Methods in Bioinformatics 2025/26 - Tutorial for biologists and computer scientists: Context-Free Grammars

Introduction

Stochastic context-free grammars are used to model RNA structure (to be covered in the next lecture)
We will now look at context-free grammars, which do not have probabilities
Introduced by Noam Chomsky in linguistics in the 1950s, also important in computer science (for example in compilers of programming languages)

Example: Set of rules $S\to aSb$, $S\to \epsilon$ (also written in a shorter form as $S\to aSb|\epsilon$)
Two types of symbols: terminals (lowercase letters), nonterminals (uppercase letters)
Rules rewrite a nonterminal into a string of terminals and nonterminals (can also be the empty string, denoted by $\epsilon$)
The nonterminal S is the “start symbol”

Using a grammar to generate strings

Start with the start nonterminal S
At each step, rewrite the leftmost nonterminal according to one of the rules
Stop when there are no nonterminals left
Example: $S\to aSb \to aaSbb \to aaaSbbb \to aaaSbbb$ (the last step uses the rule $S\to \epsilon$)
What strings can this grammar generate?
- Of the form aa…abb…b with the same number of a’s and b’s (computer scientists write $a^kb^k$ for $k \ge 0$)

Construct a grammar for words of the form aa..abb..b where the number of a’s is equal to or greater than the number of b’s, $a^ib^j$ for $i\ge j$
- $S\to aSb | aS | \epsilon$
Construct a grammar for words of the same type, where the number of a’s is greater than the number of b’s, i.e. $i>j$
- $S\to aSb | aT$, $T\to aT | \epsilon$ or $S\to aSb | aS | a$
Construct a grammar for well-parenthesized expressions using parentheses (),[,]. For example, [()()([])] is well-parenthesized, but [(]) is not.
- $S\to SS| (S) | [S] | \epsilon$
- example of a derivation in this grammar: S->[S]->[SS]->[SSS]->[(S)SS]->[()SS]->[()(S)S]->[()()S]->[()()(S)]->[()()([S])]->[()()([])]

The task is to determine how a string could have been generated using the rules

The grammar for well-parenthesized expressions helps us determine which parenthesis matches which: those that were generated in one step
Similarly, in the next lecture we will have a grammar for RNA, which will generate paired nucleotides in one step

Construct a grammar for DNA palindromes, i.e. sequences that, when reversed and complemented, yield the same sequence, e.g.
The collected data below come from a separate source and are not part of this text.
Lemma seq_meas_sum L F a b : all_orthoproj L -> \sum_(o : O) seq_meas L F o a b = idop a b.
Proof.
elim: L F a b => [|P Ps IH] F a b /=.
  move=> _; rewrite -mulr_suml (bigD1 (F [::])) //= eqxx big1 ?addr0 ?mul1r //.
  by move=> o; rewrite eq_sym => /negbTE ->.
move=> [pP aPs]; rewrite exchange_big /=.
transitivity (\sum_(bb : bool) \sum_c outcome_proj bb P a c * outcome_proj bb P c b).
  apply: eq_bigr => bb _; rewrite /sandwich exchange_big; apply: eq_bigr => c _.
  rewrite exchange_big /=.
  transitivity (\sum_d outcome_proj bb P a c * idop c d * outcome_proj bb P d b).
    by apply: eq_bigr => d _; rewrite -mulr_suml -mulr_sumr IH.
  under eq_bigr => d _ do rewrite -mulrA.
  by rewrite -mulr_sumr sum_idopl.
rewrite big_bool /=.
by rewrite (orthoproj_outcome true pP).2 (orthoproj_outcome false pP).2 /= /op_compl addrC subrK.
Qed.

Lemma sqnorm_seq_project_le L F bs v : all_orthoproj L -> size bs = size L ->
  sqnorm (seq_project L bs v) <= qform (seq_meas L F (F bs)) v.
Proof.
elim: L F bs v => [|P Ps IH] F [|b bs] v //=.
  by move=> _ _; rewrite qform_scale_id eqxx mul1r.
move=> [pP aPs] [sz].
rewrite qform_sum (bigD1 b) //= qform_sandwich; last by case: (orthoproj_outcome b pP).
rewrite -[X in X <= _]addr0; apply: lerD.
  by apply: (IH (fun s => F (b :: s))).
apply: sumr_ge0 => bb _; rewrite qform_sandwich; last by case: (orthoproj_outcome bb pP).
exact: psd_seq_meas.
Qed.

Lemma sqnorm_sub_seq_project_le L bs v (eta : algC) : all_orthoproj L ->
  all2 (fun P b => sqnorm (opv (op_compl (outcome_proj b P)) v) <= eta) L bs ->
  forall z, sqnorm (subv v (seq_project L bs z)) <= sqnorm (subv v z) + (size L)%:R * eta.
Proof.
elim: L bs => [|P Ps IH] [|b bs] //=.
  by move=> _ _ z; rewrite mul0r addr0.
move=> [pP aPs] /andP[hb hall] z.
apply: le_trans (IH _ aPs hall _) _.
have pQ := orthoproj_outcome b pP.
have -> : subv v (opv (outcome_proj b P) z) =
   (fun a => opv (op_compl (outcome_proj b P)) v a + opv (outcome_proj b P) (subv v z) a).
  apply: functional_extensionality => a.
  by rewrite opv_compl opv_sub /subv; ring.
rewrite sqnorm_compl_proj_add // -addn1 natrD mulrDl mul1r.
rewrite [_ * eta + eta]addrC addrA lerD2r [sqnorm (subv v z) + eta]addrC.
by apply: lerD => //; apply: sqnorm_proj_le.
Qed.

(* For [eps = 1/6]: [|w|^2 >= (1 - eps) |v|^2 - (1/eps - 1) |v - w|^2], coordinatewise a
   completed square. *)
Lemma sqnorm_lb_sub v w : 5%:R / 6%:R * sqnorm v - 5%:R * sqnorm (subv v w) <= sqnorm w.
Proof.
have square (a b : algC) : b^* * b - (5%:R / 6%:R * (a^* * a) - 5%:R * ((a - b)^* * (a - b)))
    = 6%:R^-1 * ((6%:R * b - 5%:R * a)^* * (6%:R * b - 5%:R * a)).
  by rewrite !rmorphB /= !rmorphM /= !conjC_nat; field.
rewrite /sqnorm /dotv !mulr_sumr -sumrB; apply: ler_sum => a _.
rewrite -subr_ge0 square mulr_ge0 ?invr_ge0 ?ler0n //.
by rewrite mulrC mul_conjC_ge0.
Qed.

(* Gentle measurement: a test that rarely fails barely moves the state, so the errors of
   the successive tests only add up. *)
Lemma qform_seq_meas_ge L F bs v (eta : algC) : all_orthoproj L -> sqnorm v = 1 ->
  all2 (fun P b => sqnorm (opv (op_compl (outcome_proj b P)) v) <= eta) L bs ->
  (size L)%:R * eta <= 64%:R^-1 ->
  2%:R / 3%:R <= qform (seq_meas L F (F bs)) v.
Proof.
move=> aL v1 err small.
have size_bs : size bs = size L by move: err; rewrite all2E => /andP[/eqP].
have drift := sqnorm_sub_seq_project_le aL err v.
have v_v : sqnorm (subv v v) = 0.
  by rewrite /sqnorm /dotv big1 // => a _; rewrite /subv subrr mulr0.
rewrite v_v add0r in drift.
apply: le_trans (sqnorm_seq_project_le F v aL size_bs).
apply: le_trans (sqnorm_lb_sub v (seq_project L bs v)).
rewrite v1 mulr1.
apply: (@le_trans _ _ (5%:R / 6%:R - 5%:R * 64%:R^-1)).
  have -> : 5%:R / 6%:R - 5%:R * 64%:R^-1 = 2%:R / 3%:R + 17%:R / 192%:R :> algC by field.
  by rewrite lerDl divr_ge0 ?ler0n.
by rewrite lerD2l lerN2 ler_wpM2l ?ler0n // (le_trans drift).
Qed.

End SequentialMeasurement.

Section SwapTest.
Variables (k r : nat) (Y V : finType) (G : V -> Y -> algC).
Hypothesis G_real : forall u y, (G u y)^* = G u y.
Definition overlap (u w : V) := \sum_(y : Y) G u y * G w y.
Hypothesis overlap_self : forall u, overlap u u = 1.
Hypothesis overlap_ge0 : forall u w, u != w -> 0 <= overlap u w.
Hypothesis overlap_le : forall u w, u != w -> overlap u w <= 2%:R^-1.

Definition regs := {ffun 'I_k -> {ffun 'I_r -> Y}}.
Definition mask := {ffun 'I_r -> bool}.

Definition swap_index (i j : 'I_k) (U : mask) (c : 'I_r) (l : 'I_k) : 'I_k :=
  if U c then tperm i j l else l.

Lemma swap_indexK i j U c : involutive (swap_index i j U c).
Proof. by move=> l; rewrite /swap_index; case: (U c) => //; rewrite tpermK. Qed.

Definition pswap i j (U : mask) (A : regs) : regs :=
  [ffun l => [ffun c => A (swap_index i j U c l) c]].
Definition mask_xor (U V0 : mask) : mask := [ffun c => U c (+) V0 c].

Lemma pswap_comp i j U V0 A : pswap i j U (pswap i j V0 A) = pswap i j (mask_xor U V0) A.
Proof.
apply/ffunP => l; apply/ffunP => c; rewrite !ffunE /swap_index !ffunE.
by case: (U c); case: (V0 c) => //=; rewrite tpermK.
Qed.

Lemma pswap0 i j A : pswap i j [ffun=> false] A = A.
Proof. by apply/ffunP => l; apply/ffunP => c; rewrite !ffunE /swap_index ffunE. Qed.

Lemma mask_xorK U : mask_xor U U = [ffun=> false].
Proof. by apply/ffunP => c; rewrite !ffunE addbb. Qed.

Lemma pswapK i j U : involutive (pswap i j U).
Proof. by move=> A; rewrite pswap_comp mask_xorK pswap0. Qed.

Lemma eq_pswap i j U A B : (A == pswap i j U B) = (B == pswap i j U A).
Proof.
apply/eqP/eqP => ->; by rewrite pswapK.
Qed.

Definition inv_nmasks : algC := (2 ^ r)%:R^-1.

Lemma card_mask : #|{: mask}| = (2 ^ r)%N.
Proof. by rewrite card_ffun card_bool card_ord. Qed.

Lemma sum_const_mask (c : algC) : \sum_(U : mask) c = (2 ^ r)%:R * c.
Proof. by rewrite sumr_const card_mask mulr_natl. Qed.

Lemma inv_nmasksK : inv_nmasks * (2 ^ r)%:R = 1.
Proof. by rewrite /inv_nmasks mulVf // pnatr_eq0 expn_eq0. Qed.

(* Averaging the register permutations [pswap i j U], which exchange copy [c] of players
   [i] and [j] for each [c] in [U], gives the projector onto the invariant states: the
   product of the [r] swap-test projectors (1 + SWAP_c) / 2. *)
Definition swap_proj i j : op regs :=
  fun A B => inv_nmasks * \sum_(U : mask) (A == pswap i j U B)%:R.

Lemma hermitian_swap_proj i j : hermitian (swap_proj i j).
Proof.
move=> A B; rewrite /swap_proj rmorphM /= /inv_nmasks fmorphV /= conjC_nat rmorph_sum /=.
by congr (_ * _); apply: eq_bigr => U _; rewrite conjC_nat eq_pswap.
Qed.

Lemma mask_xor_inj U : injective (mask_xor U).
Proof.
move=> V1 V2 h; apply/ffunP => c.
by move/ffunP: h => /(_ c); rewrite !ffunE => /addbI.
Qed.

Lemma orthoproj_swap_proj i j : orthoproj (swap_proj i j).
Proof.
split; first exact: hermitian_swap_proj.
move=> A B; rewrite /swap_proj.
transitivity (inv_nmasks * inv_nmasks *
  \sum_(U : mask) \sum_(V0 : mask) (A == pswap i j U (pswap i j V0 B))%:R).
  transitivity (\sum_(C : regs) inv_nmasks * (inv_nmasks *
    ((\sum_(U : mask) (A == pswap i j U C)%:R) * (\sum_(V0 : mask) (C == pswap i j V0 B)%:R)))).
    by apply: eq_bigr => C _; ring.
  rewrite -mulr_sumr -mulr_sumr mulrA; congr (_ * _).
  under eq_bigr => C _ do rewrite mulr_suml.
  rewrite exchange_big; apply: eq_bigr => U _.
  under eq_bigr => C _ do rewrite mulr_sumr.
  rewrite exchange_big; apply: eq_bigr => V0 _.
  have := sum_idopr (pswap i j V0 B) (fun C : regs => (A == pswap i j U C)%:R).
  rewrite /idop => <-; apply: eq_bigr => C _; ring.
(* Masks compose by [mask_xor], so the double average collapses to a single one. *)
under eq_bigr => U _ do (under eq_bigr => V0 _ do rewrite pswap_comp).
transitivity (inv_nmasks * inv_nmasks * \sum_(U : mask) \sum_(W : mask) (A == pswap i j W B)%:R).
  congr (_ * _); apply: eq_bigr => U _; symmetry.
  by rewrite [LHS](reindex_inj (@mask_xor_inj U)).
by rewrite sum_const_mask mulrA -(mulrA inv_nmasks inv_nmasks) inv_nmasksK mulr1.
Qed.

Lemma swap_proj_fix i j (f : regs -> algC) :
  (forall U A, f (pswap i j U A) = f A) -> forall A, opv (swap_proj i j) f A = f A.
Proof.
move=> f_inv A; rewrite /opv /swap_proj.
under eq_bigr => B _ do rewrite -mulrA mulr_suml mulr_sumr.
rewrite exchange_big /=.
transitivity (\sum_(U : mask) inv_nmasks * f A).
  apply: eq_bigr => U _; rewrite -mulr_sumr; congr (_ * _).
  under eq_bigr => B _ do rewrite eq_pswap mulrC.
  by have := sum_idopr (pswap i j U A) f; rewrite /idop => ->; rewrite f_inv.
by rewrite sum_const_mask mulrA [_ * inv_nmasks]mulrC inv_nmasksK mul1r.
Qed.

Definition prod_state (x : 'I_k -> V) (A : regs) : algC :=
  \prod_(l : 'I_k) \prod_(c : 'I_r) G (x l) (A l c).

Lemma sum_prod_prod (g : 'I_k -> 'I_r -> Y -> algC) :
  \sum_(A : regs) \prod_(l : 'I_k) \prod_(c : 'I_r) g l c (A l c)
  = \prod_(l : 'I_k) \prod_(c : 'I_r) \sum_(y : Y) g l c y.
Proof.
symmetry.
under eq_bigr => l _ do rewrite bigA_distr_bigA.
by rewrite bigA_distr_bigA.
Qed.

Lemma prod_state_pswap x i j U A :
  prod_state x (pswap i j U A)
  = \prod_(l : 'I_k) \prod_(c : 'I_r) G (x (swap_index i j U c l)) (A l c).
Proof.
rewrite /prod_state.
under eq_bigr => l _ do (under eq_bigr => c _ do rewrite !ffunE).
rewrite exchange_big [RHS]exchange_big; apply: eq_bigr => c _.
rewrite [RHS](reindex_inj (can_inj (swap_indexK i j U c))).
by apply: eq_bigr => l _; rewrite swap_indexK.
Qed.

Lemma prod_state_pswap_eq x i j :
  x i = x j -> forall U A, prod_state x (pswap i j U A) = prod_state x A.
Proof.
move=> hx U A; rewrite prod_state_pswap /prod_state; apply: eq_bigr => l _; apply: eq_bigr => c _.
rewrite /swap_index; case: (U c) => //.
by case: tpermP => [->|->|//]; rewrite hx.
Qed.

Lemma conj_prod_state x A : (prod_state x A)^* = prod_state x A.
Proof.
rewrite /prod_state rmorph_prod /=; apply: eq_bigr => l _.
by rewrite rmorph_prod /=; apply: eq_bigr => c _; rewrite G_real.
Qed.

Lemma sqnorm_prod_state x : sqnorm (prod_state x) = 1.
Proof.
rewrite /sqnorm /dotv.
under eq_bigr => A _ do rewrite conj_prod_state /prod_state -big_split /=.
under eq_bigr => A _ do (under eq_bigr => l _ do rewrite -big_split /=).
rewrite (sum_prod_prod (fun l c y => G (x l) y * G (x l) y)) big1 // => l _; rewrite big1 // => c _.
exact: overlap_self.
Qed.

Lemma qform_swap_proj x i j :
  qform (swap_proj i j) (prod_state x)
  = inv_nmasks * \sum_(U : mask) \prod_(c : 'I_r) \prod_(l : 'I_k)
      overlap (x (swap_index i j U c l)) (x l).
Proof.
rewrite /qform /swap_proj exchange_big /=.
transitivity (\sum_(B : regs) \sum_(U : mask) \sum_(A : regs)
   (inv_nmasks * prod_state x A * prod_state x B) * (A == pswap i j U B)%:R).
  apply: eq_bigr => B _.
  under eq_bigr => A _ do rewrite conj_prod_state mulr_sumr mulr_sumr mulr_suml.
  rewrite exchange_big; apply: eq_bigr => U _; apply: eq_bigr => A _; ring.
transitivity (\sum_(B : regs) \sum_(U : mask)
  inv_nmasks * prod_state x (pswap i j U B) * prod_state x B).
  apply: eq_bigr => B _; apply: eq_bigr => U _.
  have := sum_idopr (pswap i j U B) (fun A => inv_nmasks * prod_state x A * prod_state x B).
  by rewrite /idop.
rewrite exchange_big mulr_sumr; apply: eq_bigr => U _.
under eq_bigr => B _ do rewrite -mulrA.
rewrite -mulr_sumr; congr (_ * _).
transitivity (\sum_(B : regs) \prod_(l : 'I_k) \prod_(c : 'I_r)
    (G (x (swap_index i j U c l)) (B l c) * G (x l) (B l c))).
  apply: eq_bigr => B _; rewrite prod_state_pswap /prod_state -big_split; apply: eq_bigr => l _.
  by rewrite -big_split.
rewrite (sum_prod_prod (fun l c y => G (x (swap_index i j U c l)) y * G (x l) y)) exchange_big.
by apply: eq_bigr => c _; apply: eq_bigr => l _.
Qed.

Lemma qform_swap_proj_neq x i j : x i != x j ->
  qform (swap_proj i j) (prod_state x) = inv_nmasks * (1 + overlap (x i) (x j) ^+ 2) ^+ r.
Proof.
move=> hx; have ij : i != j by apply: contraNneq hx => ->.
rewrite qform_swap_proj; congr (_ * _).
transitivity (\sum_(U : mask) \prod_(c : 'I_r) (if U c then overlap (x i) (x j) ^+ 2 else 1)).
  apply: eq_bigr => U _; apply: eq_bigr => c _; rewrite /swap_index.
  case: (U c).
    rewrite (bigD1 i) //= (bigD1 j) 1?eq_sym //= tpermL tpermR.
    rewrite big1 ?mulr1 /overlap.
      rewrite expr2; congr (_ * _); apply: eq_bigr => y _; exact: mulrC.
    move=> l /andP[lj li]; rewrite tpermD 1?eq_sym //; exact: overlap_self.
  by rewrite big1 // => l _; exact: overlap_self.
rewrite -(bigA_distr_bigA (fun (c : 'I_r) (b : bool) => if b then overlap (x i) (x j) ^+ 2 else 1)).
by rewrite big_bool /= prodr_const card_ord addrC.
Qed.

Lemma qform_swap_proj_le x i j : x i != x j ->
  qform (swap_proj i j) (prod_state x) <= (5%:R / 8%:R) ^+ r.
Proof.
move=> hx; rewrite qform_swap_proj_neq //.
set w := overlap (x i) (x j).
have w0 : 0 <= w by apply: overlap_ge0.
have w1 : w <= 2%:R^-1 by apply: overlap_le.
have -> : inv_nmasks * (1 + w ^+ 2) ^+ r = ((1 + w ^+ 2) / 2%:R) ^+ r.
  by rewrite /inv_nmasks natrX -exprVn exprMn mulrC.
apply: lerXn2r.
- by rewrite qualifE /= mulr_ge0 ?invr_ge0 ?ler0n // addr_ge0 ?exprn_ge0.
- by rewrite qualifE /= mulr_ge0 ?invr_ge0 ?ler0n.
have h : w ^+ 2 <= 4%:R^-1.
  have -> : (4%:R : algC)^-1 = 2%:R^-1 * 2%:R^-1 by rewrite -invfM -natrM.
  by rewrite expr2 ler_pM.
apply: (@le_trans _ _ ((1 + 4%:R^-1) / 2%:R)).
  by rewrite ler_wpM2r ?invr_ge0 ?ler0n // lerD2l.
suff -> : (1 + 4%:R^-1) / 2%:R = 5%:R / 8%:R :> algC by [].
by field.
Qed.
GATC
- $S\to gSc | cSg | aSt | tSa | \epsilon$
RNA hairpins with an arbitrarily long paired part and 3 unpaired nucleotides in the middle
- $S\to gSc | cSg | aSu | uSa | aaa | aac | aag | aau | … | uuu$
Harder example: Construct a grammar for words with the same number of a’s and b’s in any order
- $S\to \epsilon | aSbS | bSaS$
- how does it generate aababbba?
- why can it generate all such strings?